Я говорил о евреях. Он соглашался, но спрашивал, почему этот мелкий в общем масштабе вопрос я ставлю во главу угла?

Я напоминал о миллионных репрессиях, он возражал, что это было давно.

Я твердил о свободе мысли, о благородном движении диссидентов, а он, опять же соглашаясь, уточнял: сколько их, диссидентов, какой процент?

И стыдил меня:

— Такая война! Половина городов в развалинах, голод,

169

отсутствие техники, плач о погибших. Разве вы слепой? Разве вы не понимаете, чего мы достигли?

Я вставил в паузу яростную реплику о спецпсихбольницах, но это его еще больше распалило:

— Да, у каждой страны есть свои недостатки, имеются они и у нас. С евреями — плохо, с диссидентами — ужасно, психбольницы — позор. Но надо же дифференцировать! В сопоставлении со всеми этими теневыми подробностями, наши успехи несоизмеримы. Вы что — статистики не видели? И снова, становясь предельно конкретным, вколачивал в меня цифры, ударяя голосом, как будто пристукивая молотком по каждой шляпке.

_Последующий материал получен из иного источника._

(* Suppose $\alpha$ is a computable real number. Then there exists a pair $(A,E)$ of $\mathfrak{PR}$-sequences $A,E:\mathbb{N}\to\mathbb{Q}$ such that $E(\mathbb{N})$ contains elements arbitrarily close to $0$ and $|A(x)-\alpha|\le E(x)$ for all $x\in\mathbb{N}$.
   Context: $\mathbb{N}=\{0,1,2,\dots\}$. $\mathfrak{PR}$ denotes the primitive recursive functions and $\mathfrak{R}$ the (total) recursive functions $\mathbb{N}^n\to\mathbb{N}$. For $\mathcal{F}\in\{\mathfrak{PR},\mathfrak{R}\}$, an $\mathcal{F}$-sequence is a function $A:\mathbb{N}\to\mathbb{Q}$ of the form $A(x)=\frac{f(x)-g(x)}{h(x)+1}$ with $f,g,h:\mathbb{N}\to\mathbb{N}$ in $\mathcal{F}$. A real $\alpha$ is computable if there is an $\mathfrak{R}$-sequence $A$ with $|A(x)-\alpha|\le\frac1{x+1}$ for all $x$. *)

From Stdlib Require Vector Fin.
From Stdlib Require Import Reals QArith Qabs Qreals.
Set Implicit Arguments.
Local Open Scope nat_scope.

Inductive code : nat -> Type :=
| CZero (n : nat) : code n
| CSucc : code 1
| CProj (n : nat) (i : Fin.t n) : code n
| CComp (m n : nat) (f : code m) (gs : Fin.t m -> code n) : code n
| CPrec (n : nat) (g : code n) (h : code (S (S n))) : code (S n)
                     (* f(0,x) = g x ; f(y+1,x) = h(y, f(y,x), x) *)
| CMu (n : nat) (f : code (S n)) : code n.
                     (* least y with f(y,x)=0 and f(z,x) defined for z<y *)

(* Big-step (relational) semantics: ev c v y  means  c(v) is defined and = y. *)
Inductive ev : forall n, code n -> Vector.t nat n -> nat -> Prop :=
| ev_zero n v : ev (@CZero n) v 0
| ev_succ v : ev CSucc v (S (Vector.hd v))
| ev_proj n i v : ev (@CProj n i) v (Vector.nth v i)
| ev_comp m n (f : code m) (gs : Fin.t m -> code n) v (w : Vector.t nat m) y :
    (forall i, ev (gs i) v (Vector.nth w i)) -> ev f w y -> ev (CComp f gs) v y
| ev_prec0 n (g : code n) h v y :
    ev g v y -> ev (CPrec g h) (Vector.cons nat 0 n v) y
| ev_precS n (g : code n) h k v z y :
    ev (CPrec g h) (Vector.cons nat k n v) z ->
    ev h (Vector.cons nat k _ (Vector.cons nat z n v)) y ->
    ev (CPrec g h) (Vector.cons nat (S k) n v) y
| ev_mu n (f : code (S n)) v y :
    ev f (Vector.cons nat y n v) 0 ->
    (forall z, z < y -> exists r, ev f (Vector.cons nat z n v) (S r)) ->
    ev (CMu f) v y.

Fixpoint isPRcode n (c : code n) : Prop :=
  match c with
  | CZero _ | CSucc | CProj _ => True
  | CComp f gs => isPRcode f /\ forall i, isPRcode (gs i)
  | CPrec g h => isPRcode g /\ isPRcode h
  | CMu _ => False
  end.

Definition vec1 (x : nat) : Vector.t nat 1 := Vector.cons nat x 0 (Vector.nil nat).

Definition isPR (f : nat -> nat) : Prop :=
  exists c : code 1, isPRcode c /\ forall x, ev c (vec1 x) (f x).

Definition isRec (f : nat -> nat) : Prop :=
  exists c : code 1, forall x, ev c (vec1 x) (f x).

Local Open Scope Q_scope.
Definition Fseq (F : (nat -> nat) -> Prop) (A : nat -> Q) : Prop :=
  exists f g h : nat -> nat, F f /\ F g /\ F h /\
    forall x, A x == (inject_Z (Z.of_nat (f x)) - inject_Z (Z.of_nat (g x)))
                     / inject_Z (Z.of_nat (h x + 1)).

Definition PRseq := Fseq isPR.
Definition Rseq := Fseq isRec.

Definition computable_real (alpha : R) : Prop :=
  exists A : nat -> Q, Rseq A /\
    forall x, (Rabs (Q2R (A x) - alpha) <= 1 / (INR x + 1))%R.

(* Write the computable approximation as [A = (f - g) / (h + 1)] with [f], [g], [h]
   computed by codes.  Running a code with every unbounded search cut off at [t] is
   primitive recursive in [t] and monotone in [t], and every convergent computation is
   reached for all large [t].  At stage [x], take the largest [j <= x] at which all three
   codes have converged within [x] steps and output [A j] with error bound [1 / (j + 1)],
   which is correct by hypothesis; if there is no such [j], output [0] with a bound
   [M >= |alpha|].  Every [j] is reached at some stage, so the error bounds become
   arbitrarily small. *)

From Stdlib Require Import Reals QArith Qabs Qreals.
From Stdlib Require Import Lia Lra.

Local Open Scope nat_scope.

(** * Primitive recursive functions of several variables *)

Definition PRn n (f : Vector.t nat n -> nat) : Prop :=
  exists c : code n, isPRcode c /\ forall v, ev c v (f v).

Definition PRvec n m (B : Vector.t nat n -> Vector.t nat m) : Prop :=
  forall i, PRn n (fun v => Vector.nth (B v) i).

Lemma PRn_ext {n} {f g : Vector.t nat n -> nat} :
  PRn n f -> (forall v, f v = g v) -> PRn n g.
Proof. intros [c [Hc Ev]] E; exists c; split; [exact Hc | intros v; rewrite <- E; apply Ev]. Qed.

Lemma fin_choice {A : Type} {m} (P : Fin.t m -> A -> Prop) :
  (forall i, exists a, P i a) -> exists F, forall i, P i (F i).
Proof.
  revert P; induction m as [|m IH]; intros P H.
  - exists (fun i => Fin.case0 (fun _ => A) i); intros i; apply (Fin.case0 (fun i => P i _) i).
  - destruct (H Fin.F1) as [a0 H0].
    destruct (IH (fun i => P (Fin.FS i))) as [F HF]; [intros i; apply H|].
    exists (fun i => Fin.caseS' i (fun _ => A) a0 F).
    intros i; apply (Fin.caseS' i); [exact H0 | exact HF].
Qed.

Lemma PRn_comp {m n} {f : Vector.t nat m -> nat} {B : Vector.t nat n -> Vector.t nat m} :
  PRn m f -> PRvec n m B -> PRn n (fun v => f (B v)).
Proof.
  intros [cf [Hcf Ef]] HB.
  destruct (fin_choice (fun i c => isPRcode c /\ forall v, ev c v (Vector.nth (B v) i)) HB)
    as [gs Hgs].
  exists (CComp cf gs); split.
  - split; [exact Hcf | intros i; apply Hgs].
  - intros v; apply ev_comp with (w := B v); [intros i; apply Hgs | apply Ef].
Qed.

Lemma PRvec_id n : PRvec n n (fun v : Vector.t nat n => v).
Proof. intros i; exists (CProj i); split; [exact I | intros v; constructor]. Qed.

Lemma PRn_proj n (i : Fin.t n) : PRn n (fun v => Vector.nth v i).
Proof. exact (PRvec_id n i). Qed.

Lemma PRvec_comp {n m p} {B : Vector.t nat m -> Vector.t nat p}
  {C : Vector.t nat n -> Vector.t nat m} :
  PRvec m p B -> PRvec n m C -> PRvec n p (fun v => B (C v)).
Proof. intros HB HC i; exact (PRn_comp (HB i) HC). Qed.

Lemma PRvec_nil n : PRvec n 0 (fun _ : Vector.t nat n => Vector.nil nat).
Proof. intros i; apply (Fin.case0 (fun i => PRn n (fun _ => Vector.nth (Vector.nil nat) i)) i). Qed.

Lemma PRvec_cons {n m a} {B : Vector.t nat n -> Vector.t nat m} :
  PRn n a -> PRvec n m B -> PRvec n (S m) (fun v => Vector.cons nat (a v) m (B v)).
Proof. intros Ha HB i; apply (Fin.caseS' i); [exact Ha | exact HB]. Qed.

Lemma PRvec_tl {n m} {B : Vector.t nat n -> Vector.t nat (S m)} :
  PRvec n (S m) B -> PRvec n m (fun v => Vector.tl (B v)).
Proof.
  intros HB i; apply (PRn_ext (HB (Fin.FS i))).
  intros v; generalize (B v); intros w; apply (Vector.caseS' w); reflexivity.
Qed.

Lemma PRn_hd {n m} {B : Vector.t nat n -> Vector.t nat (S m)} :
  PRvec n (S m) B -> PRn n (fun v => Vector.hd (B v)).
Proof.
  intros HB; apply (PRn_ext (HB Fin.F1)).
  intros v; generalize (B v); intros w; apply (Vector.caseS' w); reflexivity.
Qed.

Lemma PRn_tl {n} {f : Vector.t nat n -> nat} : PRn n f -> PRn (S n) (fun w => f (Vector.tl w)).
Proof. intros Hf; exact (PRn_comp Hf (PRvec_tl (PRvec_id _))). Qed.

Lemma PRn_drop2 {n} {f : Vector.t nat n -> nat} :
  PRn n f -> PRn (S (S n)) (fun w => f (Vector.tl (Vector.tl w))).
Proof. intros Hf; exact (PRn_comp Hf (PRvec_tl (PRvec_tl (PRvec_id _)))). Qed.

Lemma PRn_prec {n g h k} : PRn n g -> PRn (S (S n)) h -> PRn n k ->
  PRn n (fun v => nat_rect (fun _ => nat) (g v)
     (fun j acc => h (Vector.cons nat j _ (Vector.cons nat acc _ v))) (k v)).
Proof.
  intros [cg [Hg Eg]] [ch [Hh Eh]] Hk.
  assert (Hrec : PRn (S n) (fun w => nat_rect (fun _ => nat) (g (Vector.tl w))
     (fun j acc => h (Vector.cons nat j _ (Vector.cons nat acc _ (Vector.tl w)))) (Vector.hd w))).
  { exists (CPrec cg ch); split; [split; assumption|].
    intros w; apply (Vector.caseS' w); clear w; intros j v; simpl.
    induction j; simpl; [constructor; apply Eg | eapply ev_precS; eauto]. }
  exact (PRn_comp Hrec (PRvec_cons Hk (PRvec_id _))).
Qed.

Lemma PRn_succ {n a} : PRn n a -> PRn n (fun v => S (a v)).
Proof.
  intros Ha.
  assert (Hs : PRn 1 (fun w => S (Vector.hd w))) by (exists CSucc; split; [exact I | constructor]).
  exact (PRn_comp Hs (PRvec_cons Ha (PRvec_nil n))).
Qed.

Lemma PRn_const n k : PRn n (fun _ => k).
Proof.
  induction k as [|k IH].
  - exists (CZero n); split; [exact I | constructor].
  - exact (PRn_succ IH).
Qed.

Definition ifz (a b c : nat) : nat := match a with 0 => b | S _ => c end.

Lemma PRn_ifz {n a b c} : PRn n a -> PRn n b -> PRn n c -> PRn n (fun v => ifz (a v) (b v) (c v)).
Proof.
  intros Ha Hb Hc; apply (PRn_ext (PRn_prec Hb (PRn_drop2 Hc) Ha)).
  intros v; destruct (a v); reflexivity.
Qed.

Lemma PRn_pred {n a} : PRn n a -> PRn n (fun v => pred (a v)).
Proof.
  intros Ha; apply (PRn_ext (PRn_prec (PRn_const n 0) (PRn_proj _ Fin.F1) Ha)).
  intros v; destruct (a v); reflexivity.
Qed.

Lemma PRn_add {n a b} : PRn n a -> PRn n b -> PRn n (fun v => a v + b v).
Proof.
  intros Ha Hb; apply (PRn_ext (PRn_prec Hb (PRn_succ (PRn_proj _ (Fin.FS Fin.F1))) Ha)).
  intros v; simpl; induction (a v) as [|k IH]; simpl; congruence.
Qed.

Lemma PRn_mul {n a b} : PRn n a -> PRn n b -> PRn n (fun v => a v * b v).
Proof.
  intros Ha Hb.
  apply (PRn_ext (PRn_prec (PRn_const n 0) (PRn_add (PRn_proj _ (Fin.FS Fin.F1)) (PRn_drop2 Hb)) Ha)).
  intros v; simpl; induction (a v) as [|k IH]; simpl; [reflexivity | rewrite IH; lia].
Qed.

Fixpoint vec_of_fun (m : nat) : (Fin.t m -> nat) -> Vector.t nat m :=
  match m with
  | 0 => fun _ => Vector.nil nat
  | S m' => fun F => Vector.cons nat (F Fin.F1) m' (vec_of_fun m' (fun i => F (Fin.FS i)))
  end.

Lemma nth_vec_of_fun {m} (F : Fin.t m -> nat) i : Vector.nth (vec_of_fun m F) i = F i.
Proof. revert F; induction i as [m|m i IH]; intros F; simpl; auto. Qed.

Я чувствовал себя бессильным. В памяти всплыли строчки:

"А для низкой жизни были числа,

Как домашний подъяремный скот,

Потому что все оттенки смысла

Умное число передает".

Против чисел я боролся словами.

"Но забыли мы, что осиянно

Только слово средь земных тревог.

И в Евангельи от Иоанна

Сказано, что слово — это Бог".

Мы забыли, что слово — это Бог. Слова, мысли, эмоции отступали перед цифрами. Магия чисел торжествовала.

Но, пасуя, я все время ощущал его чудовищную неправоту. Как я жалел, что рядом нет Сережи или Бори, которые могли бы сражаться с ним его оружием.

Я честно сказал ему об этом. И привел пример, вызвавший ироническую улыбку.

Однажды Кювье заспорил с Ламарком по какому-то научному поводу, кажется об эволюции. Спор был публичным.

Кювье — человек огромного ума и ораторского блеска — разнес противника в клочья. Тот удалился посрамленный.

170

Кювье наградили ликующим воплем. А через несколько лет выяснилось, что прав Ламарк.

Не хочу кривить душой, я сознавал всю беспомощность этой притчи.

И вдруг директор сам поставил себе подножку.

Снисходительно посчитав спор оконченным, он перевел разговор на другое.

Сейчас он едет к себе в Петрозаводск. А до этого был на совещании в ЦК, где ему предложили автомобильный гигант в Набережных Челнах.

— И знаешь, Ося, — сказал он племяннику, — у меня все налажено, все идет как по маслу, и я рискнул отказаться. Я думал, Суслов взорвется, а он только рассмеялся и потрепал меня по плечу.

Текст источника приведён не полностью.